El Pacto para Ciutat Vella se concibe como un proceso y "herramienta" que se vertebrará con los distintos agentes y sectores a partir de jornadas, reuniones participativas y acuerdos. Se estructurá en cuatro ejes de espacio público, pesonas, actividad económica y ciudadanía. Pero más allá de las comisiones temáticas que tengan lugar hasta final de este año para establecer diagnósticos y prioridades de la situación, se prevé --como se ha ido anunciando-- la creación del organismo de promoción que vehicule las medidas, de las urbanísticas a la rehabilitación de vivienda o sostenibilidad, con una planificación a 10 años vista, hasta 2035, y que cuente con el apoyo político suficiente para no desvanecerse en caso de que los socialistas no se mantuviesen al frente del gobierno municipal.

De las líneas de actuación que se decidan conjuntamente en los próximos meses deberán salir también --entre otras muchas trincheras-- un plan de educación, que han demandado reiteradamente las entidades sociales y vecinos, o por un plan estratégico que ha reivindicado el comercio para afrontar la crisis de modelo que sufren sus arterias, saturadas de negocios turísticos.

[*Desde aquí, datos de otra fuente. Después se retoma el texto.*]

Lemma small_of_lin_sqrt_bound (A B eps : R) : 0 <= A -> 0 <= B -> 0 < eps ->
  exists delta, 0 < delta /\ forall d e, Rabs d < delta -> e * e <= B * Rabs d ->
    A * Rabs d + Rabs e < eps.
Proof.
  intros HA HB He.
  exists (Rmin (eps / (2 * (A + 1))) (eps * eps / (8 * (B + 1)))).
  split; [apply Rmin_glb_lt; apply Rdiv_lt_0_compat; nra|].
  intros d e Hd Hde.
  pose proof (Rabs_pos d) as Hd0.
  assert (Hd1 : Rabs d * (2 * (A + 1)) < eps).
  { apply Rlt_le_trans with (eps / (2 * (A + 1)) * (2 * (A + 1))); [|right; field; lra].
    apply Rmult_lt_compat_r; [lra|]. eapply Rlt_le_trans; [exact Hd|apply Rmin_l]. }
  assert (Hd2 : Rabs d * (8 * (B + 1)) <= eps * eps).
  { apply Rle_trans with (eps * eps / (8 * (B + 1)) * (8 * (B + 1))); [|right; field; lra].
    apply Rmult_le_compat_r; [lra|]. left; eapply Rlt_le_trans; [exact Hd|apply Rmin_r]. }
  assert (He2 : e * e < eps / 2 * (eps / 2)) by nra.
  assert (He3 : Rabs e < eps / 2) by (apply Rabs_def1; nra).
  nra.
Qed.

Lemma Cauchy_crit_of_sqr_le (u v : nat -> R) (K : R) : 0 <= K ->
  (forall n m, (u n - u m) * (u n - u m) <= K * Rabs (v n - v m)) ->
  Cauchy_crit v -> Cauchy_crit u.
Proof.
  intros HK Huv Hv eps He.
  destruct (small_of_lin_sqrt_bound 0 K eps) as [delta [Hdelta Hsmall]]; try lra.
  destruct (Hv delta Hdelta) as [n0 Hn0].
  exists n0; intros n m Hn Hm; unfold Rdist.
  specialize (Hsmall (v n - v m) (u n - u m) (Hn0 n m Hn Hm) (Huv n m)). lra.
Qed.

Lemma sub_pow_half_bounds a n : 0 < a -> 0 <= a - a / 2 ^ n < a.
Proof.
  intros Ha. pose proof (pow_R1_Rle 2 n) as Hpow.
  assert (0 < a / 2 ^ n) by (apply Rdiv_lt_0_compat; lra).
  assert (a / 2 ^ n <= a).
  { apply Rmult_le_reg_r with (2 ^ n); [lra|]. unfold Rdiv. rewrite Rmult_assoc, Rinv_l; nra. }
  lra.
Qed.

En busca de acuerdos y medidas

En los últimos meses, el ayuntamiento ya ha mantenido conversaciones o comunicado sus intenciones a unas 150 entidades y asociaciones, buscando su respaldo. Se enfrenta a la inquietud de estos sobre los plazos, si las medidas necesarias no arrancan con rapidez y se acaban vislumbrando solo en la recta final de mandato. Y es que los intereses de los distintos agentes son en ocasiones contrapuestos y difíciles de conciliar. No obstante, se prevé que en 2025 ya se puedan poner sobre la mesa iniciativas concretas para desplegar hasta 2027, de momento, ya que la artillería abarcará de acciones a corto plazo a otras más estratégicas a medio o largo plazo, que se irán revisando anualmente datos en mano para comprobar su validez.

El repertorio de temas sobre la mesa es muy ambicioso, ya que sobre los cuatro ejes pivotan retos como mejorar la calidad del espacio público, el civismo, la calidad de vida para los vecinos, la oferta cultural como motor, la mejora de la oferta comercial y la atracción de nueva actividad económica, la seguridad, urbanismo, deporte, turismo, movilidad... Como ya se está buscando con la transformación de la Rambla, hay un propósito de reconciliar al centro de la ciudad con vecinos y barceloneses en general, devolviéndole su autoestima.

El equipo de gobierno municipal ya dejó claro el pasado viernes que al margen de lo que se cocine en los próximos meses y años, muchos cambios ya están en marcha. Como el anuncio de poner coto a tiendas cannábicas, de fundas de móviles y de manicura, que tanto han proliferado en los últimos dos años, como informó este diario.

La apuesta por Ciutat Vella ya quedó patente también en la reciente presentación del nuevo Plan de Barrios, que pondrá foco en sus barrios —con un plan único para el Raval, el Gòtic, Sant Pere, Santa Caterina i la Ribera y la Barceloneta— , "el corazón de la ciudad", según enfatizó Collboni. La previsión del Ayuntamient en ese marco es aumentar la inversión en la zona en un 140%, pasando de 8,3 millones de euros a 20 millones.